▸ **Material provided**:
(* The columns of [Proj *m Gi *m chi^T] lie in ker Rm = range B, and left
   multiplication by [B^T *m G], which is invariant under Proj, identifies the factor. *)
Lemma rls_projector : Proj *m Gi *m chi^T = B *m (invmx (X^T *m X) *m X^T).
Proof.
have [T PGchi] : exists T, Proj *m Gi *m chi^T = B *m T.
  apply: constraint_kernel_factor.
  by rewrite !mulmxA mulmxBr mulmx1 !mulmxA mulmxV ?constraint_gram_unit // mul1mx subrr !mul0mx.
rewrite PGchi; congr (_ *m _).
have XX_unit : X^T *m X \in unitmx by rewrite -{2}[X]trmxK mul_tr_unit ?X_free.
set G := chi^T *m chi in PGchi *; set P := Proj in PGchi.
have BtGP : B^T *m G *m P = B^T *m G.
  rewrite /P mulmxBr mulmx1 (mulmxA _ Mr Rm) 2!mulmxA (mulmxK chi_gram_unit).
  by rewrite -trmx_mul Rm_B trmx0 !mul0mx subr0.
have XXT : X^T *m X *m T = X^T.
  have BtGPchi : B^T *m G *m (P *m invmx G *m chi^T) = X^T.
    rewrite (mulmxA _ (P *m invmx G)) (mulmxA _ P) BtGP (mulmxK chi_gram_unit).
    by rewrite trmx_mul.
  by rewrite -[in RHS]BtGPchi PGchi trmx_mul /G !mulmxA.
by rewrite -(mulKmx XX_unit T) XXT.
Qed.

Lemma rls_sandwich (D : 'M[R]_N) :
  Proj *m (Gi *m chi^T *m D *m chi *m Gi) *m Proj^T =
  B *m (invmx (X^T *m X) *m X^T *m D *m X *m invmx (X^T *m X)) *m B^T.
Proof.
have -> : Proj *m (Gi *m chi^T *m D *m chi *m Gi) *m Proj^T =
    (Proj *m Gi *m chi^T) *m D *m (Proj *m Gi *m chi^T)^T.
  by rewrite !trmx_mul trmxK Gi_sym !mulmxA.
by rewrite rls_projector !trmx_mul !trmxK trmx_inv !trmx_mul !trmxK !mulmxA.
Qed.

End RestrictedLeastSquares.





Lemma nthS_in K (F : {set {set 'I_K}}) a : (a < #|F|)%N -> nthS F a \in F.
Proof. by move=> ltaF; rewrite /nthS -mem_enum mem_nth // -cardE. Qed.

Lemma nthS_inj K (F : {set {set 'I_K}}) a a' : (a < #|F|)%N -> (a' < #|F|)%N ->
  nthS F a = nthS F a' -> a = a'.
Proof. by move=> ltaF lta'F /eqP; rewrite nth_uniq ?enum_uniq -?cardE // => /eqP. Qed.

Section FactorialDesign.
Variables (R : realFieldType) (N J K : nat).
Variables (W : 'I_N -> 'I_(2 ^ K)) (x : 'M[R]_(N, J)).
Variables (Fp Fp' : {set {set 'I_K}}).
Hypothesis Fp_sub : set0 \notin Fp.

Definition ols_factor_set (a : 'I_(1 + #|Fp|)) : {set 'I_K} := nth set0 (set0 :: enum Fp) a.

Definition ols_to_theta : 'M[R]_(ntheta J K, ncol J Fp Fp') :=
  (walsh_design J #|Fp'| ols_factor_set (nthS Fp'))^T.

Lemma ols_factor_set_inj : injective ols_factor_set.
Proof.
move=> a a' /eqP; rewrite /ols_factor_set nth_uniq /= ?enum_uniq ?mem_enum ?Fp_sub -?cardE //.
by move/eqP/val_inj.
Qed.

Lemma sum_tind i (f : nat -> R) : \sum_(q < 2 ^ K) tind R W i q * f q = f (W i).
Proof.
rewrite (bigD1 (W i)) //= /tind eqxx mul1r big1 ?addr0 // => q neq.
by rewrite eq_sym (inj_eq val_inj) (negbTE neq) mul0r.
Qed.

Lemma Rres_walsh :
  Rres R J Fp Fp' =
  (2 / 2 ^+ K) *: walsh_design J #|Fm' Fp'| (fun a => nthS (Fm Fp) a) (nthS (Fm' Fp')).
Proof.
apply/matrixP => r c; rewrite -[r]splitK -[c]splitK.
case: (split r) => a; case: (split c) => q /=; rewrite [RHS]mxE.
- by rewrite block_mxEul !mxE !split_lshift.
- by rewrite block_mxEur !mxE split_lshift split_rshift mulr0.
- by rewrite block_mxEdl !mxE split_lshift split_rshift mulr0.
- by rewrite block_mxEdr !mxE !split_rshift; case: ifP; rewrite ?mulr0.
Qed.

Lemma chiL_ols_to_theta : chiL W x *m ols_to_theta = Xdes W x Fp Fp'.
Proof.
apply/matrixP => i c; rewrite /ols_to_theta mxE big_split_ord /= -[c]splitK.
case: (split c) => [a|b] /=;
  under eq_bigr do rewrite !mxE ?split_lshift ?split_rshift ?row_mxEl ?row_mxEr !mxE;
  under [X in _ + X]eq_bigr do rewrite !mxE ?split_lshift ?split_rshift ?row_mxEl ?row_mxEr !mxE.
  rewrite [X in _ + X]big1 => [|k _]; last by rewrite mulr0.
  rewrite addr0 (sum_tind i (walsh R (ols_factor_set a))) mxE split_lshift -[a]splitK.
  by case: (split a) => [o|a'] /=; rewrite ?split_lshift ?split_rshift ?(ord1 o) ?walsh0.
rewrite big1 => [|q _]; last by rewrite mulr0.
have Jgt0 := ord_mulJ_gt0 b.
pose g k := tind R W i (k %/ J) * xn x i (k %% J) * walsh R (nthS Fp' (b %/ J)) (k %/ J).
transitivity (\sum_(k < Qd K * J) if (b %% J == k %% J)%N then g k else 0).
  by rewrite add0r; apply: eq_bigr => k _; case: ifP; rewrite ?mulr0.
rewrite (sum_mod_eq _ g) ?ltn_mod //.
under eq_bigr do rewrite /g kron_index_div ?kron_index_mod ?ltn_mod // -mulrA.
rewrite (sum_tind i (fun q => xn x i (b %% J) * walsh R (nthS Fp' (b %/ J)) q)).
by rewrite mxE split_rshift mulrC.
Qed.

Lemma ols_factor_set_mem a : ols_factor_set a \in set0 :: enum Fp.
Proof. by rewrite /ols_factor_set mem_nth //= -cardE. Qed.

▸ **Activity**:
For the material above, reproduce exactly the lines from the line with "have BtGPchi : B^T" to the line with "have -> : Proj", inclusive, and exclude all others.

▸ **Answer box**:
  have BtGPchi : B^T *m G *m (P *m invmx G *m chi^T) = X^T.
    rewrite (mulmxA _ (P *m invmx G)) (mulmxA _ P) BtGP (mulmxK chi_gram_unit).
    by rewrite trmx_mul.
  by rewrite -[in RHS]BtGPchi PGchi trmx_mul /G !mulmxA.
by rewrite -(mulKmx XX_unit T) XXT.
Qed.

Lemma rls_sandwich (D : 'M[R]_N) :
  Proj *m (Gi *m chi^T *m D *m chi *m Gi) *m Proj^T =
  B *m (invmx (X^T *m X) *m X^T *m D *m X *m invmx (X^T *m X)) *m B^T.
Proof.
have -> : Proj *m (Gi *m chi^T *m D *m chi *m Gi) *m Proj^T =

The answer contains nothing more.